А вообще-то «вертелка» у нас ничего. Жить можно., А без ребятни – тоска зеленая…

Так никуда я и не пошел, два часа шлялся, как неприкаянный, по двору, пугая прохожих своим независимым видом, а ровно в три был у качелей.

Не знаю, зачем и кому понадобилось здесь, на пустыре, делать игровую площадку. Все заржавело, высоко поднималась сорная трава, свистел ветер в пустых железных трубах, предназначенных неизвестно для чего, да терпко пахло полынью, маленьким серебристым лесочком поднявшейся на небольшом холмике.

Работали еще качели, сделанные, наверное, на века. Мы их любили, раскачивались в «лодке», продырявленной в нескольких местах – это Жаба иногда пробовал свой самопал…

Сейчас я уже застал тут Костылей, Пузана и Зонтика.

– Ну, мужики, сегодня сеча будет! – заявил младший Костыль, его неприметные глазки ушли в щелки на рыхлом лице. – Жаба сказал: идем лупить «десятников»!

– Во скоко? – спросил Зонтик – Сашка Бажов, худой, как дистрофик, но верткий в драке, как угорь.

– Во скоко… – передразнил Костыль. – Как стемнеет, и Жаба подойдет. И наши. Ну, пока в «свару» перебросимся?

Я не любил играть в карты. Мне никогда не везло в них. Я забрался в «лодку» и стал медленно раскачиваться. С каждым разом все сильнее и сильнее, все выше и выше! Холодный упорный ветер сопротивлялся мне, толкал меня в грудь, хлестал по щекам, глодал мою голую голову – но я, закрыв глаза от удовольствия, взлетал все выше, поднимался над землей, парил в воздухе, отчаянно летел куда-то со страхом и трепетом, и мне казалось, что я уже навек покинул землю, ребят и буду вечно летать так, никогда не вернусь…
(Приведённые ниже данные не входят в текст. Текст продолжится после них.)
(* If a language $\mathcal L\subseteq\mathcal A^*$ satisfies RBC, then it has eventually constant growth: there are $N_0,K$ such that $p(n+1)-p(n)=K$ for all $n\ge N_0$.
   Context: $\mathcal{A}$ finite alphabet, $\mathcal{A}^*$ nonempty finite words. A language is a set $\mathcal L\subseteq\mathcal A^*$ with $\mathcal A\subseteq\mathcal L$, closed under subwords, and such that each $w\in\mathcal L$ has $a,b\in\mathcal A$ with $awb\in\mathcal L$. $p(n)$ is the number of words of length $n$ in $\mathcal L$. $Ex^\ell(w)=\{a: aw\in\mathcal L\}$, $Ex^r(w)=\{b: wb\in\mathcal L\}$; left special if $|Ex^\ell(w)|\ge2$, right special if $|Ex^r(w)|\ge 2$, bispecial if both. A bispecial $w$ is regular bispecial if there is exactly one $\hat a\in Ex^\ell(w)$ with $\hat aw$ right special and exactly one $\hat b\in Ex^r(w)$ with $w\hat b$ left special. RBC: there is $n_0$ such that every bispecial word of length $\ge n_0$ is regular bispecial. *)

From mathcomp Require Import all_boot all_order all_algebra.
Set Implicit Arguments. Unset Strict Implicit. Unset Printing Implicit Defensive.

Section Lang.
Variable A : finType.
Variable L : pred (seq A).

Definition is_language : Prop :=
  [/\ (forall w, w \in L -> w != [::]),
      (forall a : A, [:: a] \in L),
      (forall u v w, (u ++ v ++ w) \in L -> v != [::] -> v \in L)
    & (forall w, w \in L -> exists a b : A, (a :: w ++ [:: b]) \in L)].

Definition complexity (n : nat) : nat := #|[set t : n.-tuple A | tval t \in L]|.

Definition Exl (w : seq A) : {set A} := [set a | (a :: w) \in L].
Definition Exr (w : seq A) : {set A} := [set b | (w ++ [:: b]) \in L].

Definition left_special (w : seq A) : bool := 2 <= #|Exl w|.
Definition right_special (w : seq A) : bool := 2 <= #|Exr w|.
Definition bispecial (w : seq A) : bool := left_special w && right_special w.

Definition regular_bispecial (w : seq A) : bool :=
  [&& bispecial w,
      #|[set a in Exl w | right_special (a :: w)]| == 1
    & #|[set b in Exr w | left_special (w ++ [:: b])]| == 1].

Definition RBC : Prop :=
  exists n0 : nat, forall w, w \in L -> bispecial w -> n0 <= size w ->
    regular_bispecial w.
End Lang.

From mathcomp Require Import all_boot all_order all_algebra.
From Stdlib Require Import Classical.
Set Implicit Arguments. Unset Strict Implicit. Unset Printing Implicit Defensive.

(* Put s(n) = sum over the words w of length n of (#Exr(w) - 1), so that
   p(n+1) - p(n) = s(n).  Grouping the words of length n+1 by their suffix of
   length n gives s(n+1) = sum_w sum_(a in Exl(w)) (#Exr(aw) - 1).  Only the
   letters a with aw right special contribute, each at most #Exr(w) - 1 since
   Exr(aw) is contained in Exr(w); and once |w| >= n0 there is at most one such
   a: a regular bispecial w has exactly one, a w that is not left special has
   only one left extension, and if w is not right special no aw is.  So s is
   eventually nonincreasing in nat, hence eventually constant. *)

Section NonincreasingNat.
Variable f : nat -> nat.
Hypothesis f_nonincr : forall n, f n.+1 <= f n.

Lemma nonincr_eventually_const : exists M, forall n, M <= n -> f n = f M.
Proof.
have f_anti : {homo f : m n / m <= n >-> n <= m}.
  by apply: homo_leq => // y x z xy yz; apply: leq_trans yz xy.
suff: forall k N, f N <= k -> exists M, forall n, M <= n -> f n = f M
  by move/(_ _ 0 (leqnn _)).
elim=> [|k IHk] N fN_le.
  exists N => n /f_anti; move: fN_le; rewrite leqn0 => /eqP ->.
  by rewrite leqn0 => /eqP.
have [[n [Nn fn_neq]]|const] := classic (exists n, N <= n /\ f n <> f N); last first.
  by exists N => n Nn; apply: NNPP => fn_neq; apply: const; exists n.
apply: (IHk n); rewrite -ltnS; apply: leq_trans fN_le.
by rewrite ltn_neqAle f_anti // andbT; apply/eqP.
Qed.
End NonincreasingNat.

Section Extensions.
Variable A : finType.
Variable L : pred (seq A).
Hypothesis L_lang : is_language L.

Definition words n := [set t : n.-tuple A | tval t \in L].

Lemma mem_infix u v w : u ++ v ++ w \in L -> v != [::] -> v \in L.
Proof. by case: L_lang => _ _ infix_closed _; apply: infix_closed. Qed.

Lemma mem_behead a t : a :: t \in L -> t != [::] -> t \in L.
Proof. by move=> atL; apply: (@mem_infix [:: a] t [::]); rewrite cats0. Qed.

Lemma mem_belast t b : t ++ [:: b] \in L -> t != [::] -> t \in L.
Proof. exact: (@mem_infix [::] t [:: b]). Qed.

Lemma Exr_cons_subset a t : Exr L (a :: t) \subset Exr L t.
Proof. by apply/subsetP => b; rewrite !inE => /mem_behead; apply; case: t. Qed.

Lemma Exr_card_gt0 t : t \in L -> 0 < #|Exr L t|.
Proof.
case: L_lang => _ _ _ extendable /extendable [a [b atbL]].
by apply/card_gt0P; exists b; rewrite inE; apply: mem_behead atbL _; case: t.
Qed.

Lemma big_words_succ n (h : n.-tuple A * A -> n.+1.-tuple A) (F : seq A -> nat) :
    injective h -> (forall p, tval (h p) \in L -> tval p.1 \in L) ->
  \sum_(u in words n.+1) F u =
    \sum_(t in words n) \sum_(a | tval (h (t, a)) \in L) F (h (t, a)).
Proof.
move=> h_inj h_mem; have h_bij : bijective h.
  by apply: inj_card_bij h_inj _; rewrite card_prod !card_tuple expnSr.
rewrite (reindex h) ?pair_big_dep; last exact: onW_bij.
apply: eq_big => -[t a] //; rewrite !inE /=.
by apply/idP/andP => [uL|[]//]; split=> //; apply: h_mem uL.
Qed.

Lemma big_words_cons n (F : seq A -> nat) : 0 < n ->
  \sum_(u in words n.+1) F u = \sum_(t in words n) \sum_(a in Exl L t) F (a :: t).
Proof.
move=> n_gt0; rewrite (@big_words_succ n (fun p => [tuple of p.2 :: p.1])) /=.
- by apply: eq_bigr => t _; apply: eq_bigl => a; rewrite inE.
- by move=> [t a] [t' a'] /(congr1 val) [-> /val_inj->].
- by move=> [t a] /= /mem_behead; apply; rewrite -size_eq0 size_tuple -lt0n.
Qed.

Lemma big_words_rcons n (F : seq A -> nat) : 0 < n ->
  \sum_(u in words n.+1) F u = \sum_(t in words n) \sum_(b in Exr L t) F (rcons t b).
Proof.
move=> n_gt0; rewrite (@big_words_succ n (fun p => [tuple of rcons p.1 p.2])) /=.
- by apply: eq_bigr => t _; apply: eq_bigl => b; rewrite inE cats1.
- by move=> [t a] [t' a'] /(congr1 val) /rcons_inj [/val_inj-> ->].
- move=> [t b] /=; rewrite -cats1 => /mem_belast; apply.
  by rewrite -size_eq0 size_tuple -lt0n.
Qed.

Lemma card_right_special_ext_le1 t : (bispecial L t -> regular_bispecial L t) ->
  #|[set a in Exl L t | right_special L (a :: t)]| <= 1.
Proof.
have [_ /(_ isT)/and3P[_ /eqP-> _] // | not_bisp _] := boolP (bispecial L t).
move: not_bisp; rewrite negb_and => /orP[not_left | not_right].
  apply: leq_trans (subset_leq_card (_ : _ \subset Exl L t)) _.
    by apply/subsetP => a; rewrite inE => /andP[].
  by rewrite leqNgt.
suff -> : [set a in Exl L t | right_special L (a :: t)] = set0 by rewrite cards0.
apply/setP => a; rewrite !inE /right_special.
rewrite -ltnNge in not_right.
by rewrite leqNgt (leq_ltn_trans (subset_leq_card (Exr_cons_subset a t))) ?andbF.
Qed.

Lemma sum_Exl_excess_le t : (bispecial L t -> regular_bispecial L t) ->
  \sum_(a in Exl L t) (#|Exr L (a :: t)| - 1) <= #|Exr L t| - 1.
Proof.
move=> reg; set S := [set a in Exl L t | right_special L (a :: t)].
rewrite (bigID (mem S)) /= [X in _ + X]big1 ?addn0; last first.
  move=> a /andP[aE]; rewrite /S in_set aE /right_special -ltnNge ltnS.
  by move=> ?; apply/eqP; rewrite subn_eq0.
apply: leq_trans (_ : \sum_(a in S) (#|Exr L t| - 1) <= _).
  rewrite [X in _ <= X](eq_bigl (fun a => (a \in Exl L t) && (a \in S))).
    by apply: leq_sum => a _; rewrite leq_sub2r ?subset_leq_card ?Exr_cons_subset.
  by move=> a; rewrite andb_idl // /S in_set => /andP[].
rewrite sum_nat_const -[X in _ <= X]mul1n leq_mul2r.
by rewrite (card_right_special_ext_le1 reg) orbT.
Qed.

Definition complexity_step n := \sum_(t in words n) (#|Exr L t| - 1).

Lemma complexityS n : 0 < n -> complexity L n.+1 = complexity_step n + complexity L n.
Proof.
move=> n_gt0; rewrite /complexity -/(words n.+1) -/(words n) -!sum1_card.
rewrite (big_words_rcons (fun=> 1) n_gt0) -big_split.
apply: eq_bigr => t; rewrite inE => /Exr_card_gt0 Exr_gt0.
by rewrite sum1_card /= subnK.
Qed.

Lemma complexity_step_nonincr n0 n :
    (forall w, w \in L -> bispecial L w -> n0 <= size w -> regular_bispecial L w) ->
  0 < n -> n0 <= n -> complexity_step n.+1 <= complexity_step n.
Proof.
move=> RBC_n0 n_gt0 n0_le_n; rewrite /complexity_step.
rewrite (big_words_cons (fun u => #|Exr L u| - 1) n_gt0).
apply: leq_sum => t; rewrite inE => tL; apply: sum_Exl_excess_le => bisp.
by apply: RBC_n0; rewrite ?size_tuple.
Qed.
End Extensions.

Local Open Scope ring_scope.

Theorem mainTheorem3 (A : finType) (L : pred (seq A)) :
  is_language L -> RBC L ->
  exists (N0 : nat) (K : int), forall n : nat, (N0 <= n)%N ->
    (complexity L n.+1)%:Z - (complexity L n)%:Z = K.
Proof.
move=> L_lang [n0 RBC_n0]; set N := maxn 1 n0.
have step_nonincr m : (complexity_step L (N + m.+1) <= complexity_step L (N + m))%N.
  rewrite addnS; apply: (complexity_step_nonincr L_lang RBC_n0).
    by apply: leq_trans (leq_addr _ _); apply: leq_maxl.
  by apply: leq_trans (leq_addr _ _); apply: leq_maxr.
have [M step_const] := nonincr_eventually_const step_nonincr.
exists (N + M)%N, (complexity_step L (N + M))%:Z => n NM_le_n.
have n_gt0 : (0 < n)%N by apply: leq_trans NM_le_n; rewrite addn_gt0 leq_maxl.
rewrite (complexityS L_lang n_gt0) PoszD GRing.addrK -(subnKC NM_le_n) -addnA.
by rewrite step_const ?leq_addr.
Qed.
И с сожалением мне пришлось через некоторое время остановиться, вернее, меня остановили, потому что пришел Жаба.

Низенький ростом, но широкий в кости, с угрюмым, как бы треугольным лицом, Димка Жабин был старше нас, сильнее всех, в драки лез лихо, «махался» на заглядение, не каждый к нему подкатится…

– Тусовка будет жесткой, – говорил он, стоя в центре круга. – Все «отоварились»?

Я нащупал в кармане кастет. Мне подарил его один из Костылей, потому что до этого у меня был железный пруток от арматуры, но я его посеял.

Вскоре подвалило еще несколько наших. Как-то сразу синей тенью упали сумерки. Мы, правда, еще выждали несколько часов, потом «снялись с места».

«Десятники» гуртовались, как нам было известно, в небольшом полувыкорчеванном саду, за своей школой. Половина сада была уничтожена, потом сюда навезли бетонных плит, свалили их в беспорядке и большом количестве и получилось нечто вроде катакомб. Конечно, туда мы и соваться не стали, а начали выуживать «десятников» наверх.

Появились они перед нами скоро, высыпав из разных щелей, как тараканы. Было их, как и нас, человек пятнадцать, а может, чуточку поменьше.

– Ну, чего, чего? – Жаба шел к ним осторожным торопким шагом, то и дело сплевывая себе под ноги, чуть сзади двигались мы. – Испугались, сучки хворостатые? Ну, сявки, кто из вас с Жабой схлестнется?

Началось как-то сразу, я даже не успел заметить, кто первым сцепился. Мы старались держаться гуртом, но все тут же смешалось.

На меня кинулся верзила с взлохмаченными патлами.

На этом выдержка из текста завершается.